Start of RECORD EXCERPTS

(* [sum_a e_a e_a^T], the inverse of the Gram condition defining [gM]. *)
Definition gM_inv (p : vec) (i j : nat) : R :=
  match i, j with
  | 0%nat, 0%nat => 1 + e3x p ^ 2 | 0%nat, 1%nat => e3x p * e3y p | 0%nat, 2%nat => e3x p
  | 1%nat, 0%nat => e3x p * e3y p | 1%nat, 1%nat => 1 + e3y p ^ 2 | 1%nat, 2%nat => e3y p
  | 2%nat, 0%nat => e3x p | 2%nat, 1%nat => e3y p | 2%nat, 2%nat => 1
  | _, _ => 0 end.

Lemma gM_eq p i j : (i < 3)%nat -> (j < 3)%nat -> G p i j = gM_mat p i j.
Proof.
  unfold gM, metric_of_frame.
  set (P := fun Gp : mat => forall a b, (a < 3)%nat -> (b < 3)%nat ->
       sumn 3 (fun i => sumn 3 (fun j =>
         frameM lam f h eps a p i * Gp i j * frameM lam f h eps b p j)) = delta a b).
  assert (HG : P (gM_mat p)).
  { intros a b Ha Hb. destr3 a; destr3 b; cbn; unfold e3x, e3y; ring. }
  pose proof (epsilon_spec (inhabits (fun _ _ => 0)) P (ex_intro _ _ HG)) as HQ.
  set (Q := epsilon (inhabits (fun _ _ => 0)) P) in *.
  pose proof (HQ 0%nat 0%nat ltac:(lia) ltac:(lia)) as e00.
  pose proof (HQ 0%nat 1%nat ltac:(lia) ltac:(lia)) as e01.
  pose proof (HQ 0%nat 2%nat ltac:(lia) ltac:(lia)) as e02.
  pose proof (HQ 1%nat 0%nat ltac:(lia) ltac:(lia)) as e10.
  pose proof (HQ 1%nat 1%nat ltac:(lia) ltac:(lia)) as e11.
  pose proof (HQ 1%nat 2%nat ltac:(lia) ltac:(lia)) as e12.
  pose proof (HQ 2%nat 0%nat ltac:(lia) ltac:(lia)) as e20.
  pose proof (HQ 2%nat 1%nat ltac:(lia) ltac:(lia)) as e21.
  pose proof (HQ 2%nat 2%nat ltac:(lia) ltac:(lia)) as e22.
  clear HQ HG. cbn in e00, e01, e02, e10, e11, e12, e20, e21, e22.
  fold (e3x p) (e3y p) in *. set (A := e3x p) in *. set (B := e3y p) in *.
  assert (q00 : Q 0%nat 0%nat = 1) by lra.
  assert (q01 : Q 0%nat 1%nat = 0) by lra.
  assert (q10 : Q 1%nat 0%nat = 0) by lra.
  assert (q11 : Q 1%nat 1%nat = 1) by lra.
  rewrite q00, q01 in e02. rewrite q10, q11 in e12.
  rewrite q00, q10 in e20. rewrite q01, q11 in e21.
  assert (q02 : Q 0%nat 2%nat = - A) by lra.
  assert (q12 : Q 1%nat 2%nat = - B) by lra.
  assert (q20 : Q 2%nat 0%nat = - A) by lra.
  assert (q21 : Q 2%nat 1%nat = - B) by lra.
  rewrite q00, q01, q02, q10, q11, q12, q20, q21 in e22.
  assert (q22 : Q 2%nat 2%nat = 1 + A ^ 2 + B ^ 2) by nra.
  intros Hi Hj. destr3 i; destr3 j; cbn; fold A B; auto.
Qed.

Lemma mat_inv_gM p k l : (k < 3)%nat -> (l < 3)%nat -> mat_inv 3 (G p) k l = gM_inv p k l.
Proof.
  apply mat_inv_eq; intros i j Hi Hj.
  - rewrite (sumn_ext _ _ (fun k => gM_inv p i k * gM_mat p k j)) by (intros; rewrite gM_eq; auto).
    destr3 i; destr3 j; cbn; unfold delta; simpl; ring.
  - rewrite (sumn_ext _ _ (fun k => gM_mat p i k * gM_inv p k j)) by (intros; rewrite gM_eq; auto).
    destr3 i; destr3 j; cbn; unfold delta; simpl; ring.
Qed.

End of RECORD EXCERPTS
Start of RECORD EXCERPTS

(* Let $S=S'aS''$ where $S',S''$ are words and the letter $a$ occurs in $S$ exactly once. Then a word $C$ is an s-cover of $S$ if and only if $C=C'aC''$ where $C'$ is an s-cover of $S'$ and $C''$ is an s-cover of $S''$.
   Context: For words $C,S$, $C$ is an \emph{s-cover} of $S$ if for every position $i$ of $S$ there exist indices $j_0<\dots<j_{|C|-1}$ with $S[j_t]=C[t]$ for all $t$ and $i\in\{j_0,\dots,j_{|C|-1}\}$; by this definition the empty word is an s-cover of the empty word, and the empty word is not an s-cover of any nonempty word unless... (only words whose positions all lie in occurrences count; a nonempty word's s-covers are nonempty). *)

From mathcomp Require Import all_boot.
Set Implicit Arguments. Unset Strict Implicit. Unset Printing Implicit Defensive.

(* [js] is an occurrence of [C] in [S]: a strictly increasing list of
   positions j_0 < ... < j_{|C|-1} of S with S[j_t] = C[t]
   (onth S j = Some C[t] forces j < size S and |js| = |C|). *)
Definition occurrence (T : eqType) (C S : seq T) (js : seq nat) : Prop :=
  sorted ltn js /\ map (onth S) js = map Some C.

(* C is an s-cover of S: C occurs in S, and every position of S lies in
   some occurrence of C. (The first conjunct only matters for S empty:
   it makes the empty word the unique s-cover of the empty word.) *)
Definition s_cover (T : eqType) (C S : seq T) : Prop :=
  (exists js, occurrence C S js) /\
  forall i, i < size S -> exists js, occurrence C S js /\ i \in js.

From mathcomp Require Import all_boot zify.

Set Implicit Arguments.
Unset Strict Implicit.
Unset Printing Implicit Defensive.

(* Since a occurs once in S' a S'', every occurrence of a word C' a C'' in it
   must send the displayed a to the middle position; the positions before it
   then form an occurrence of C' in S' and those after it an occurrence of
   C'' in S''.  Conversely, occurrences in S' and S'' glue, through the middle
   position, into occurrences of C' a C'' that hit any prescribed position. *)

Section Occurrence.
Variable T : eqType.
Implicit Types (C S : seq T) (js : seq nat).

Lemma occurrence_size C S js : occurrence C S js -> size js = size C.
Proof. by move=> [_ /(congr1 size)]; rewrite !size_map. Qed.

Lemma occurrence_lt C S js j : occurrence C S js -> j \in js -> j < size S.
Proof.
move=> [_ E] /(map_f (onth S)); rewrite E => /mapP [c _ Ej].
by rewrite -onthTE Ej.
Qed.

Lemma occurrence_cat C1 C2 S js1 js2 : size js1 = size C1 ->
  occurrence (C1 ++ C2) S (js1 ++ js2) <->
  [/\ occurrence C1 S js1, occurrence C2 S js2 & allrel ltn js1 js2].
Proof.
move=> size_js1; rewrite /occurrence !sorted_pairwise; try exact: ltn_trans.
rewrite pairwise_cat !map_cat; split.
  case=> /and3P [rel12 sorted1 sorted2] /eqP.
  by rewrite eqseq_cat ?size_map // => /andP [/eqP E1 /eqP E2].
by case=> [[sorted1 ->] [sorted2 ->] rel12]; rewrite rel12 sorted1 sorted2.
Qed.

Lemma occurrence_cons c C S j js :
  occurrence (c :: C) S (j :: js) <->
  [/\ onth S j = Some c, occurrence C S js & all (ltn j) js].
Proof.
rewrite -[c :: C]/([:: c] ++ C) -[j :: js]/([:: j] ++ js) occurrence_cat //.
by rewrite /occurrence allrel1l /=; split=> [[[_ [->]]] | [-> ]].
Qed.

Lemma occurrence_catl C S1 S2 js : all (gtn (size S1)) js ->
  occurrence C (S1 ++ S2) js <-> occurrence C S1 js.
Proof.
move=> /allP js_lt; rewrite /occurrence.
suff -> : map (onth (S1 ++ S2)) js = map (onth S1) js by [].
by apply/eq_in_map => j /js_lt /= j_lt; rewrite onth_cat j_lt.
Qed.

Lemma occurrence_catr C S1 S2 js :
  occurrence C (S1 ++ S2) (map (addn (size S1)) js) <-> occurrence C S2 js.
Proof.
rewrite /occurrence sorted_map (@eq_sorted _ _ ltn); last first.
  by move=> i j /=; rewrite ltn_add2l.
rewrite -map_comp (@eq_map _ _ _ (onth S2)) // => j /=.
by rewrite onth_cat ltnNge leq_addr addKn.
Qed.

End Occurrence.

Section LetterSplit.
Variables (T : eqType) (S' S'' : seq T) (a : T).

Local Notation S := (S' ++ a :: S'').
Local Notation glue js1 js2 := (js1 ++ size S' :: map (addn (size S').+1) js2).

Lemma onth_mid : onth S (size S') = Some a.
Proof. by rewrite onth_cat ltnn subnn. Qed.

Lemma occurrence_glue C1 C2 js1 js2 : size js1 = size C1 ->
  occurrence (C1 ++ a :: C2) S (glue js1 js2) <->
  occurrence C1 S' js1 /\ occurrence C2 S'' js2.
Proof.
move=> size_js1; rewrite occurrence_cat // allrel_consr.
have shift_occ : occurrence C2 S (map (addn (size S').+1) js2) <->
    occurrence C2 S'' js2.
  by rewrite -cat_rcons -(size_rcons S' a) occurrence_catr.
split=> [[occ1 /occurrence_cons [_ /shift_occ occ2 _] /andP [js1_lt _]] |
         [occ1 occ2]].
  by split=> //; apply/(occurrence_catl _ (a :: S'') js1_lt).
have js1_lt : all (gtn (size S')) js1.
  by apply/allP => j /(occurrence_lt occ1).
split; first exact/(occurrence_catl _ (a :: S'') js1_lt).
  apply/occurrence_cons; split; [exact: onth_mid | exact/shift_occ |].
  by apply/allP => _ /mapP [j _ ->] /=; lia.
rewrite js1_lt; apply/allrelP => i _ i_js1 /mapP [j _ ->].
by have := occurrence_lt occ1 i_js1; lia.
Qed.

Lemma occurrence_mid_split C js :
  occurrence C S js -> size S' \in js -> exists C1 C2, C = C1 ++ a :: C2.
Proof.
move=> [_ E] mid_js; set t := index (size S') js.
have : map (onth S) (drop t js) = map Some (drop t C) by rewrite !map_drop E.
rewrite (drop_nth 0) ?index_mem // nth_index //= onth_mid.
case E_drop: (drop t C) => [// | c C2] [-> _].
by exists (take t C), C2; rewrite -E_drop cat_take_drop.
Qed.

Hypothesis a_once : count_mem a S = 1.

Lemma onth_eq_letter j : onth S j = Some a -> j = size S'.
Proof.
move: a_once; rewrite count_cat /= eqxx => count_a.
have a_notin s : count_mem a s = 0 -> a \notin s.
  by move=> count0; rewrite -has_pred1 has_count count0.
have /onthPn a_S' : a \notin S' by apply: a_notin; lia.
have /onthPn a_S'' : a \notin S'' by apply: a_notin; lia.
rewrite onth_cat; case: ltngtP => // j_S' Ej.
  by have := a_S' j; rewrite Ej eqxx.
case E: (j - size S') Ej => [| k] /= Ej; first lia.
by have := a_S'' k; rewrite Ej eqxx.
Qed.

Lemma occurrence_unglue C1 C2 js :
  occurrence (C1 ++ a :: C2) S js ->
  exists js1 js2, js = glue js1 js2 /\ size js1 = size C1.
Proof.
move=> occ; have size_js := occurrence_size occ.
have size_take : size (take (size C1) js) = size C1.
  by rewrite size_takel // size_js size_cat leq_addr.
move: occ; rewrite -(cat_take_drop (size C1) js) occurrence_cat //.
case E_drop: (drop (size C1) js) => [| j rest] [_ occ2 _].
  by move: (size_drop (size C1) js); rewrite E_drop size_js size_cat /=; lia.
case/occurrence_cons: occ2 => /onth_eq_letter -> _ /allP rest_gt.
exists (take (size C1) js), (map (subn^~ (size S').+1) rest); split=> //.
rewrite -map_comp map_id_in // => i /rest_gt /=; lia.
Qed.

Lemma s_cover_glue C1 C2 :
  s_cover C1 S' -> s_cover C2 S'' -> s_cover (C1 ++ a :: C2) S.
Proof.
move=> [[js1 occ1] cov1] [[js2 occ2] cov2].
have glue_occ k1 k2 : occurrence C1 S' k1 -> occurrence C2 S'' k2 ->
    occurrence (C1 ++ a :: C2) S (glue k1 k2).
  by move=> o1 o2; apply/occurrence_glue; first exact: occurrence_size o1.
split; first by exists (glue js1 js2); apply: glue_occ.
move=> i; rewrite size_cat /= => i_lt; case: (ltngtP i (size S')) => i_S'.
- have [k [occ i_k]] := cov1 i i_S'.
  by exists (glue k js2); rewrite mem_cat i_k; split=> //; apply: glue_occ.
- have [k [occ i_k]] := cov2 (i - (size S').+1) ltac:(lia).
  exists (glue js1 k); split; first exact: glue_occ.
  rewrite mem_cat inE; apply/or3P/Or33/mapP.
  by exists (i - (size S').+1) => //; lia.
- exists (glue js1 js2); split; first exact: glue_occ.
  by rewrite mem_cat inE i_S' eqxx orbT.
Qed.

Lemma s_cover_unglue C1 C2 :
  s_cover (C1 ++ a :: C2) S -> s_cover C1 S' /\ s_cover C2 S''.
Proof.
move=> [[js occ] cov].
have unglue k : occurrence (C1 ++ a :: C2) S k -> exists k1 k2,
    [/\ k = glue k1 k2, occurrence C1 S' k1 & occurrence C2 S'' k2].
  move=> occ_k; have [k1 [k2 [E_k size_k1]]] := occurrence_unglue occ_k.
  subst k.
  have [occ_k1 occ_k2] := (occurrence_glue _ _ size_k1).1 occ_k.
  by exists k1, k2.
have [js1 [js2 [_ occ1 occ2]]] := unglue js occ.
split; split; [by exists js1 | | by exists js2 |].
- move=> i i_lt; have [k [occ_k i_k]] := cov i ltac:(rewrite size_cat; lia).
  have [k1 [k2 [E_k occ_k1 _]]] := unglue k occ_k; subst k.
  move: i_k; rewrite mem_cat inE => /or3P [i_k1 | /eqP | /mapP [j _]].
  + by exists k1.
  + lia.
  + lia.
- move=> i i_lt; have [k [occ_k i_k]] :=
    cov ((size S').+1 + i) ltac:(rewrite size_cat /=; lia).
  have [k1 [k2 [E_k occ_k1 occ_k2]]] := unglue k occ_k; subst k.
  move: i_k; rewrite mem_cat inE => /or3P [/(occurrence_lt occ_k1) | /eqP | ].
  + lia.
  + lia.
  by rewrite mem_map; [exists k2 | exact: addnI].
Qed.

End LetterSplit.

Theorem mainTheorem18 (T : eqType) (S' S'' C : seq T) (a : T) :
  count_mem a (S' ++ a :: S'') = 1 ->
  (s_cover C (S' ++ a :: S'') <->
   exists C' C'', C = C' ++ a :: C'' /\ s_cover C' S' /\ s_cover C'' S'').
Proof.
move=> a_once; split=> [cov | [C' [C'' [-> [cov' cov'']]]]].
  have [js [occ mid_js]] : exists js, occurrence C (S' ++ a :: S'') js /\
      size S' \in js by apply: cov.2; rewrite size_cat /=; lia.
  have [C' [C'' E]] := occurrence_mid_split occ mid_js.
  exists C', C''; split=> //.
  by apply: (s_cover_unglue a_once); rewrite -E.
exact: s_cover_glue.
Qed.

End of RECORD EXCERPTS

EXERCISE DIRECTIONS:
Take every line from the records that holds "empty" and copy it down.

RESULT OF THIS TASK:
   Context: For words $C,S$, $C$ is an \emph{s-cover} of $S$ if for every position $i$ of $S$ there exist indices $j_0<\dots<j_{|C|-1}$ with $S[j_t]=C[t]$ for all $t$ and $i\in\{j_0,\dots,j_{|C|-1}\}$; by this definition the empty word is an s-cover of the empty word, and the empty word is not an s-cover of any nonempty word unless... (only words whose positions all lie in occurrences count; a nonempty word's s-covers are nonempty). *)
   some occurrence of C. (The first conjunct only matters for S empty:
   it makes the empty word the unique s-cover of the empty word.) *)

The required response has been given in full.